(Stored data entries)
------------------------
Lemma supZ (t : R) a b : 0 < t -> sup (t *: a) (t *: b) = t *: sup a b.
Proof.
move=> t_gt0.
have supZ_le s y z : 0 <= s -> sup (s *: y) (s *: z) <<= s *: sup y z.
  by move=> s_ge0; apply: sup_least; apply: le_scale => //; [apply: sup_ubl | apply: sup_ubr].
apply: le_antisym; first exact/supZ_le/ltW.
have tV_ge0 : 0 <= t^-1 by rewrite invr_ge0 ltW.
have := le_scale (ltW t_gt0) (supZ_le _ (t *: a) (t *: b) tV_ge0).
by rewrite !scalerA mulVf ?mulfV ?gt_eqF // !scale1r; apply.
Qed.

Lemma labsZ (t : R) x : 0 <= t -> labs (t *: x) = t *: labs x.
Proof.
rewrite le_eqVlt => /orP[/eqP<- | t_gt0]; first by rewrite !scale0r labs0.
by rewrite /Defs.labs -scalerN supZ.
Qed.

Lemma norm_lle {a b} : 0 <<= a -> a <<= b -> `|a| <= `|b|.
Proof.
move=> a_ge0 le_ab; apply: (@norm_monotone _ _ L).
have b_ge0 : 0 <<= b by exact: Defs.le_trans le_ab.
by move: (labs_id a_ge0) (labs_id b_ge0); rewrite /Defs.labs => -> ->.
Qed.

Lemma norm_labs x : `|labs x| = `|x|.
Proof.
have labs_labs : sup (labs x) (- labs x) = sup x (- x) by apply: labs_id; apply: labs_ge0.
by apply/eqP; rewrite eq_le; apply/andP; split; apply: (@norm_monotone _ _ L);
  rewrite labs_labs; apply: Defs.le_refl.
Qed.

Lemma bigsup_ub f {m k} : (k <= m)%N -> f k <<= bigsup f m.
Proof.
elim: m => [|m IHm]; first by rewrite leqn0 => /eqP ->; apply: Defs.le_refl.
rewrite leq_eqVlt => /orP[/eqP -> | ]; first exact: sup_ubr.
by rewrite ltnS => /IHm le_fk; apply: Defs.le_trans le_fk _; apply: sup_ubl.
Qed.

Lemma bigsup_least f m z : (forall k, (k <= m)%N -> f k <<= z) -> bigsup f m <<= z.
Proof.
elim: m => [|m IHm] le_fz /=; first exact: le_fz.
apply: sup_least; last exact: le_fz.
by apply: IHm => k le_km; apply: le_fz; rewrite (leq_trans le_km).
Qed.

Lemma eq_bigsup f g m : (forall k, (k <= m)%N -> f k = g k) -> bigsup f m = bigsup g m.
Proof.
elim: m => [|m IHm] eq_fg /=; first exact: eq_fg.
by rewrite eq_fg // IHm // => k le_km; rewrite eq_fg // (leq_trans le_km).
Qed.

Lemma bigsupZ (t : R) f m : 0 < t -> bigsup (fun k => t *: f k) m = t *: bigsup f m.
Proof. by move=> t_gt0; elim: m => //= m ->; rewrite supZ. Qed.

Lemma bigsup_labs_ge0 f m : 0 <<= bigsup (fun k => labs (f k)) m.
Proof. exact: Defs.le_trans (labs_ge0 (f 0%N)) (bigsup_ub (fun k => labs (f k)) (leq0n m)). Qed.

End LatticeFacts.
------------------------
#### What is required:
Give back every line of the data above exactly as written.

#### Exercise output:
Lemma supZ (t : R) a b : 0 < t -> sup (t *: a) (t *: b) = t *: sup a b.
Proof.
move=> t_gt0.
have supZ_le s y z : 0 <= s -> sup (s *: y) (s *: z) <<= s *: sup y z.
  by move=> s_ge0; apply: sup_least; apply: le_scale => //; [apply: sup_ubl | apply: sup_ubr].
apply: le_antisym; first exact/supZ_le/ltW.
have tV_ge0 : 0 <= t^-1 by rewrite invr_ge0 ltW.
have := le_scale (ltW t_gt0) (supZ_le _ (t *: a) (t *: b) tV_ge0).
by rewrite !scalerA mulVf ?mulfV ?gt_eqF // !scale1r; apply.
Qed.

Lemma labsZ (t : R) x : 0 <= t -> labs (t *: x) = t *: labs x.
Proof.
rewrite le_eqVlt => /orP[/eqP<- | t_gt0]; first by rewrite !scale0r labs0.
by rewrite /Defs.labs -scalerN supZ.
Qed.

Lemma norm_lle {a b} : 0 <<= a -> a <<= b -> `|a| <= `|b|.
Proof.
move=> a_ge0 le_ab; apply: (@norm_monotone _ _ L).
have b_ge0 : 0 <<= b by exact: Defs.le_trans le_ab.
by move: (labs_id a_ge0) (labs_id b_ge0); rewrite /Defs.labs => -> ->.
Qed.

Lemma norm_labs x : `|labs x| = `|x|.
Proof.
have labs_labs : sup (labs x) (- labs x) = sup x (- x) by apply: labs_id; apply: labs_ge0.
by apply/eqP; rewrite eq_le; apply/andP; split; apply: (@norm_monotone _ _ L);
  rewrite labs_labs; apply: Defs.le_refl.
Qed.

Lemma bigsup_ub f {m k} : (k <= m)%N -> f k <<= bigsup f m.
Proof.
elim: m => [|m IHm]; first by rewrite leqn0 => /eqP ->; apply: Defs.le_refl.
rewrite leq_eqVlt => /orP[/eqP -> | ]; first exact: sup_ubr.
by rewrite ltnS => /IHm le_fk; apply: Defs.le_trans le_fk _; apply: sup_ubl.
Qed.

Lemma bigsup_least f m z : (forall k, (k <= m)%N -> f k <<= z) -> bigsup f m <<= z.
Proof.
elim: m => [|m IHm] le_fz /=; first exact: le_fz.
apply: sup_least; last exact: le_fz.
by apply: IHm => k le_km; apply: le_fz; rewrite (leq_trans le_km).
Qed.

Lemma eq_bigsup f g m : (forall k, (k <= m)%N -> f k = g k) -> bigsup f m = bigsup g m.
Proof.
elim: m => [|m IHm] eq_fg /=; first exact: eq_fg.
by rewrite eq_fg // IHm // => k le_km; rewrite eq_fg // (leq_trans le_km).
Qed.

Lemma bigsupZ (t : R) f m : 0 < t -> bigsup (fun k => t *: f k) m = t *: bigsup f m.
Proof. by move=> t_gt0; elim: m => //= m ->; rewrite supZ. Qed.

Lemma bigsup_labs_ge0 f m : 0 <<= bigsup (fun k => labs (f k)) m.
Proof. exact: Defs.le_trans (labs_ge0 (f 0%N)) (bigsup_ub (fun k => labs (f k)) (leq0n m)). Qed.

End LatticeFacts.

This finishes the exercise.